The determinant of the posterior covariance measures the “volume” of the uncertainty ellipse. A smaller determinant means the experiment squeezed the ellipse into a smaller area.

Combining Sensors: Signal Strength vs. Diversity

Suppose we have budget for two sensors. Should we place both at the tip (maximizing signal strength), or one at the tip and one at the midpoint (diversifying)?

With two sensors, the observation model becomes:

\[ \begin{bmatrix} \delta(x_1) \\ \delta(x_2) \end{bmatrix} = \begin{bmatrix} \mathbf{a}(x_1)^\top \\ \mathbf{a}(x_2)^\top \end{bmatrix} \begin{bmatrix} \theta_1 \\ \theta_2 \end{bmatrix} + \begin{bmatrix} \varepsilon_1 \\ \varepsilon_2 \end{bmatrix} \]

Figure 4 compares three configurations: two sensors at the tip, two at the midpoint, and one at each.

Figure 4: Combining sensors. Left: two sensors at the tip — the strong signal from both measurements reduces noise effectively. Center: one at the tip plus one at the midpoint — diversity adds some new information, but the midpoint’s weaker signal limits the gain. Right: posterior covariance determinant for all three configurations.

The result may be surprising: two sensors at the tip beat the mixed placement. Why? For this beam, the sensitivity directions at the tip and midpoint are nearly identical — both sensors constrain almost the same parameter combination. The midpoint simply has a weaker signal (smaller deflection). The repeated tip measurement averages out observation noise, extracting more information from the strong signal. Replacing one strong tip measurement with a weaker midpoint measurement trades noise-averaging ability for negligible diversity.

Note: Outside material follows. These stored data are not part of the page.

Lemma eval_combo_scale {X : Type} (f : X -> A) t l : eval_combo f (scale t l) = zmul t (eval_combo f l).
Proof.
  unfold eval_combo, scale. rewrite lsum_map, <- lsum_zmul.
  apply eq_lsum. intros pn _. apply zmulM.
Qed.

Lemma eval_combo_bind {X Y : Type} (f : Y -> A) (g : X -> list (Y * Z)) l :
  eval_combo f (combo_bind g l) = eval_combo (fun x => eval_combo f (g x)) l.
Proof.
  unfold combo_bind. unfold eval_combo at 1. rewrite lsum_concat.
  apply eq_lsum. intros pn _. exact (eval_combo_scale f _ _).
Qed.

Lemma eval_combo_coef {X : Type} (f : X -> A) l s : NoDup s -> (forall pn, In pn l -> In (fst pn) s) ->
  eval_combo f l = lsum (fun x => zmul (coef l x) (f x)) s.
Proof.
  intros Hs. induction l as [|[x0 n0] l IH]; intros Hl.
  - symmetry. now apply lsum0.
  - rewrite eval_combo_cons, IH by (intros; apply Hl; now right).
    rewrite (eq_lsum _ (fun x => zmul (coef ((x0, n0) :: l) x) (f x))
                     (fun x => zmul (n0 * delta x0 x) (f x) +' zmul (coef l x) (f x)))
      by (intros x _; now rewrite coef_cons, zmulD).
    rewrite lsumD. f_equal. symmetry.
    rewrite <- (lsum_delta A (fun x => zmul n0 (f x)) s x0 Hs (Hl (x0, n0) (or_introl eq_refl))).
    apply eq_lsum. intros x _. now rewrite Z.mul_comm, zmulM.
Qed.

Lemma coef_support {X : Type} (l : list (X * Z)) x : coef l x <> 0%Z -> In x (support l).
Proof.
  intros Hx. apply nodup_In. induction l as [|[y n] l IH]; [now contradict Hx|].
  rewrite coef_cons in Hx. cbn [map fst]. unfold delta in Hx.
  destruct excluded_middle_informative as [->|]; [now left|]. right. apply IH. lia.
Qed.

Lemma eval_combo_on_support {X : Type} (f : X -> A) l :
  eval_combo f l = lsum (fun x => zmul (coef l x) (f x)) (support l).
Proof. apply eval_combo_coef; [apply NoDup_support | apply in_support]. Qed.

Lemma eval_combo_normal_form {X : Type} (f : X -> A) l :
  eval_combo f (map (fun x => (x, coef l x)) (support l)) = eval_combo f l.
Proof. rewrite (eval_combo_on_support f l). unfold eval_combo. now rewrite lsum_map. Qed.

Lemma eq_eval_combo {X : Type} (f g : X -> A) l : (forall x, coef l x <> 0%Z -> f x = g x) ->
  eval_combo f l = eval_combo g l.
Proof.
  intros H. rewrite !eval_combo_on_support. apply eq_lsum. intros x _.
  destruct (Z.eq_dec (coef l x) 0) as [->|Hx]; [reflexivity|]. now rewrite H.
Qed.

Lemma eval_combo_coef0 {X : Type} (f : X -> A) l : (forall x, coef l x = 0%Z) -> eval_combo f l = 0'.
Proof. intros H. rewrite eval_combo_on_support. apply lsum0. intros x _. now rewrite H. Qed.

Lemma eval_combo_exponent {X : Type} (f : X -> A) l (M : Z) : (forall x, (M | coef l x)%Z) ->
  (forall a : A, zmul M a = 0') -> eval_combo f l = 0'.
Proof.
  intros Hl HM. rewrite eval_combo_on_support. apply lsum0. intros x _.
  destruct (Hl x) as [k ->]. now rewrite zmulM, HM, zmul0r.
Qed.
Lemma eval_combo_single {X : Type} (f : X -> A) x : eval_combo f [(x, 1%Z)] = f x.
Proof. now rewrite eval_combo_cons, zmul1, addr0. Qed.

Lemma eval_combo_update {X : Type} (f : X -> A) x0 y l :
  eval_combo (fun x => if classic_eq_dec x x0 then y else f x) l =
  eval_combo f l +' zmul (coef l x0) (y +' aopp (f x0)).
Proof.
  induction l as [|[x n] l IH].
  - symmetry. apply aadd0.
  - rewrite !eval_combo_cons, IH, coef_cons, zmulD, zmulM.
    assert (Hx : (if classic_eq_dec x x0 then y else f x) = f x +' zmul (delta x x0) (y +' aopp (f x0))).
    { unfold delta, classic_eq_dec. destruct excluded_middle_informative as [->|].
      - now rewrite zmul1, addrCA, addrN, addr0.
      - symmetry. apply addr0. }
    rewrite Hx, zmulDr. apply addrACA.
Qed.
End Combinations.

Lemma zcombo_cons {X : Type} (f : X -> Z) x n l : zcombo f ((x, n) :: l) = (n * f x + zcombo f l)%Z.
Proof. unfold zcombo, eval_combo. rewrite lsum_cons. cbn [fst snd aadd Zab]. now rewrite zmul_Z. Qed.

Lemma zcombo_app {X : Type} (f : X -> Z) l1 l2 : zcombo f (l1 ++ l2) = (zcombo f l1 + zcombo f l2)%Z.
Proof. apply (eval_combo_app Zab). Qed.

Lemma zcombo_scale {X : Type} (f : X -> Z) t l : zcombo f (scale t l) = (t * zcombo f l)%Z.
Proof. unfold zcombo. rewrite eval_combo_scale. apply zmul_Z. Qed.

Lemma zcomboB {X : Type} (f g : X -> Z) l : zcombo (fun x => f x - g x)%Z l = (zcombo f l - zcombo g l)%Z.
Proof.
  induction l as [|[x n] l IH]; [reflexivity|]. rewrite !zcombo_cons, IH. ring.
Qed.

Lemma zcombo_divide {X : Type} (M : Z) (f : X -> Z) l : (forall x, (M | f x)%Z) -> (M | zcombo f l)%Z.
Proof.
  intros H. induction l as [|[x n] l IH]; [apply Z.divide_0_r|].
  rewrite zcombo_cons. apply Z.divide_add_r; auto. now apply Z.divide_mul_r.
Qed.

Lemma coef_app {X : Type} (l1 l2 : list (X * Z)) x : coef (l1 ++ l2) x = (coef l1 x + coef l2 x)%Z.
Proof. apply (eval_combo_app Zab). Qed.

Lemma coef_scale {X : Type} t (l : list (X * Z)) x : coef (scale t l) x = (t * coef l x)%Z.
Proof. apply (zcombo_scale (fun y => delta y x)). Qed.

Lemma coef_bind {X Y : Type} (g : X -> list (Y * Z)) l y :
  coef (combo_bind g l) y = zcombo (fun x => coef (g x) y) l.
Proof. apply (eval_combo_bind Zab). Qed.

The determinants confirm the bar chart: Tip+Tip produces the tightest posterior. This illustrates an important nuance: diversification only helps when the sensors provide genuinely complementary information — that is, when their sensitivity directions differ substantially. When all candidate locations “see” the parameters through nearly the same linear combination, placing sensors where the signal is strongest wins. The two-sensor EIG heatmap below confirms this.

Expected Information Gain

So far we’ve compared designs after collecting data. But we want to choose the design before running the experiment. The observation is random (because of noise), so we need a measure of informativeness that averages over possible outcomes.

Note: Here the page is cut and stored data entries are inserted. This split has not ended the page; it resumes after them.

Lemma gaddxNK a b : (a - b) + b = a.
Proof. rewrite <- gaddA, gaddNx, gaddx0; reflexivity. Qed.

Lemma gaddxKN a b : (a + b) - b = a.
Proof. rewrite <- gaddA, gaddxN, gaddx0; reflexivity. Qed.

Lemma gopp0 : - gzero G = gzero G.
Proof. rewrite <- (gadd0x (- gzero G)), gaddxN; reflexivity. Qed.

Lemma goppD a b : - (a + b) = - b + - a.
Proof.
  apply (gcancel_r (c := a + b)).
  rewrite gaddNx, <- gaddA, gaddKx, gaddNx; reflexivity.
Qed.

Lemma gsub_eq0 a b : a - b = gzero G -> a = b.
Proof. intro E. rewrite <- (gaddxNK a b), E, gadd0x; reflexivity. Qed.

Lemma gcancel_l a b c : a + b = a + c -> b = c.
Proof. intro E. rewrite <- (gaddKx a b), E, gaddKx; reflexivity. Qed.

Lemma commutator_eq0 a b : commutator a b = gzero G -> a + b = b + a.
Proof.
  unfold commutator. intro E.
  apply gsub_eq0 in E. rewrite <- E at 2. rewrite gaddxNK; reflexivity.
Qed.

End GroupFacts.

Section CommutatorSubgroup.
Context {G : Group}.

Lemma in_comm_sub_subgroup : is_subgroup (@in_comm_sub G).
Proof.
  split; [|split].
  - intros S [S0 _] _; exact S0.
  - intros x y Hx Hy S HS Hc. apply HS; [apply Hx | apply Hy]; assumption.
  - intros x Hx S HS Hc. apply HS, Hx; assumption.
Qed.

Lemma in_comm_sub0 : in_comm_sub (gzero G).
Proof. apply in_comm_sub_subgroup. Qed.

Lemma in_comm_subD (x y : G) : in_comm_sub x -> in_comm_sub y -> in_comm_sub (x + y).
Proof. apply in_comm_sub_subgroup. Qed.

Lemma in_comm_subN (x : G) : in_comm_sub x -> in_comm_sub (- x).
Proof. apply in_comm_sub_subgroup. Qed.

Lemma in_comm_sub_commutator (a b : G) : in_comm_sub (commutator a b).
Proof. intros S _ Hc; apply Hc. Qed.

Lemma eta_eq_iff (x y : G) : eta G x = eta G y <-> in_comm_sub (x - y).
Proof.
  split.
  - intro E. apply (f_equal (@proj1_sig _ _)) in E. simpl in E.
    assert (Hy : ab_class y y) by (unfold ab_class; rewrite gaddxN; apply in_comm_sub0).
    rewrite <- E in Hy; exact Hy.
  - intro Hxy. apply sig_eq; simpl.
    apply functional_extensionality; intro z.
    apply propositional_extensionality; unfold ab_class.
    replace (x - z) with ((x - y) + (y - z)) by (rewrite gaddA, gaddxNK; reflexivity).
    split; intro H.
    + rewrite <- (gaddKx (x - y) (y - z)).
      apply in_comm_subD; [apply in_comm_subN |]; assumption.
    + apply in_comm_subD; assumption.
Qed.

The Expected Information Gain (EIG) does exactly this:

\[ \text{EIG}(\xi) = \mathbb{E}_{y \mid \xi}\!\big[\text{KL}\!\left(p(\boldsymbol{\theta} \mid y, \xi) \;\|\; p(\boldsymbol{\theta})\right)\big] \]

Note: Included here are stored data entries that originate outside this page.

Definition defines_op (G : nat -> nat -> nat -> nat -> yform) (op : nat -> nat -> nat) :=
  forall v a y c b A B, a < b -> y < b -> c < b -> v a = single A -> v y = single B ->
    (sat v (G a y c b) <-> v c = single (op A B)).

(* Addition: C = A + B iff the staircase of height C+1 has A+1 as its (B+1)-st
   row, the row index being measured by the staircase of height B+1. *)
Definition IsSum (a y c b : nat) : yform :=
  YEx b (YEx b.+1 (YEx b.+2 (YEx b.+3 (YEx b.+4
   (YAnd (IsSucc a b (b + 5)) (YAnd (IsSucc y b.+1 (b + 5)) (YAnd (IsSucc c b.+2 (b + 5))
    (YAnd (IsStair b.+3 b.+2 (b + 5)) (YAnd (IsStair b.+4 b.+1 (b + 5))
      (RowAt b.+3 b.+4 b (b + 5))))))))))).

Lemma IsSum_add : defines_op IsSum addn.
Proof.
move=> v a y c b A B ha hy hc va vy; rewrite /IsSum /=; split.
  move=> [p0 [p1 [p2 [p3 [p4]]]]].
  rewrite !IsSuccE ?IsStairE ?RowAtE; try lia.
  simpl_upd; rewrite va vy !row_single /=.
  move=> [[_ e0] [[_ e1] [[len_c e2] [e3 [e4 [_ e5]]]]]].
  rewrite e4 e3 e2 e1 e0 len_stair row_stair !row_single /= in e5.
  by rewrite (single_row len_c); congr single; lia.
move=> vc; exists (single A.+1), (single B.+1), (single (A + B).+1),
  (stair (A + B).+1), (stair B.+1).
rewrite !IsSuccE ?IsStairE ?RowAtE; try lia.
simpl_upd; rewrite va vy vc len_stair row_stair !row_single /= !len_single_le1.
by do !split => //; lia.
Qed.
Opaque IsSum.

(* Multiplication: for A, B > 0, C = A * B iff some partition with first row C
   has rows decreasing by A (each step defined by IsSum) and B-th row equal to
   A, the row index being measured by the staircase of height B; the case
   A = 0 or B = 0 is treated separately. *)
Definition IsProd (a y c b : nat) : yform :=
  YOr (YAnd (YOr (IsEmpty a b) (IsEmpty y b)) (IsEmpty c b))
      (YAnd (YNot (IsEmpty a b)) (YAnd (YNot (IsEmpty y b)) (YAnd (IsRow c)
        (YEx b (YEx b.+1 (YAnd (StepsDown (fun s t b' => IsSum s a t b') b b.+2)
           (YAnd (SameHead b c b.+2) (YAnd (IsStair b.+1 y b.+2) (RowAt b b.+1 a b.+2))))))))).

Lemma IsProd_mul : defines_op IsProd muln.
Proof.
move=> v a y c b A B ha hy hc va vy; rewrite /IsProd /= !IsEmptyE // IsRowE va vy.
have len0 n : len (single n) = 0 <-> n = 0 by case: n.
rewrite !len0.
have steps P D : sat (upd (upd v b P) b.+1 D) (StepsDown (fun s t b' => IsSum s a t b') b b.+2)
    <-> forall j, row P j.+1 = row P j - A.
  rewrite (@StepsDownE _ _ _ _ A); try lia; first by simpl_upd.
  move=> w m agree w_m; have w_a : w a = single A by rewrite agree; [simpl_upd | lia].
  by apply: IsSum_add => //; lia.
split=> [[[AB0 c0]|[A_pos [B_pos [len_c [P [D []]]]]]]|vc].
- rewrite (single_row (_ : len (v c) <= 1)); last by lia.
  by congr single; have := row_gt0 (v c) 0; rewrite c0 /=; case: AB0 => ->; rewrite ?muln0; lia.
- rewrite steps SameHeadE ?IsStairE ?RowAtE; try lia.
  simpl_upd; rewrite va => step [head [D_stair [_ row_B]]].
  rewrite D_stair vy row_single /= len_stair row_single /= in row_B.
  have rows_P j : row P j = row P 0 - j * A.
    by elim: j => [|j IH]; [rewrite subn0 | rewrite step IH mulSn; lia].
  rewrite rows_P head in row_B; rewrite (single_row len_c); congr single.
  by move: row_B B_pos; case: B {vy} => // B /=; rewrite mulnS; nia.
case: (posnP A) => [A0|A_pos]; first by left; split; [left | rewrite vc A0].
case: (posnP B) => [B0|B_pos]; first by left; split; [right | rewrite vc B0 muln0].
right; do 2!(split; first lia); split; first by rewrite vc len_single_le1.
exists (prog (A * B) (A * B) A), (stair B).
rewrite steps SameHeadE ?IsStairE ?RowAtE; try lia.
simpl_upd; rewrite vc vy va !row_single /= len_stair.
split=> [j|]; first by rewrite !row_prog; case: ltnP => h1; case: ltnP => h2; nia.
split; first by rewrite row_prog; case: ltnP => //; nia.
by do !split => //; rewrite row_prog; case: ltnP => h; nia.
Qed.
Opaque IsProd.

The KL divergence measures how much the posterior differs from the prior — how much the experiment “taught” us. The expectation averages over all possible data $y$ we might observe. Higher EIG means the design is expected to be more informative, regardless of what data actually arrives.

For our linear Gaussian problem, the EIG has a closed form that we can compute using DenseGaussianConjugatePosterior:

def compute_eig(A_design):
    """Expected Information Gain for linear Gaussian model."""
    nobs = A_design.shape[0]
    noise_cov = bkd.eye(nobs) * sigma_noise**2
    post = DenseGaussianConjugatePosterior(
        bkd.asarray(A_design),
        prior_mean,
        prior_cov,
        noise_cov,
        bkd,
    )
    dummy_obs = bkd.zeros((nobs, 1))
    post.compute(dummy_obs)
    return post.expected_kl_divergence()

# Single-sensor EIG
eig_tip = compute_eig(a_tip.reshape(1, -1))
eig_mid = compute_eig(a_mid.reshape(1, -1))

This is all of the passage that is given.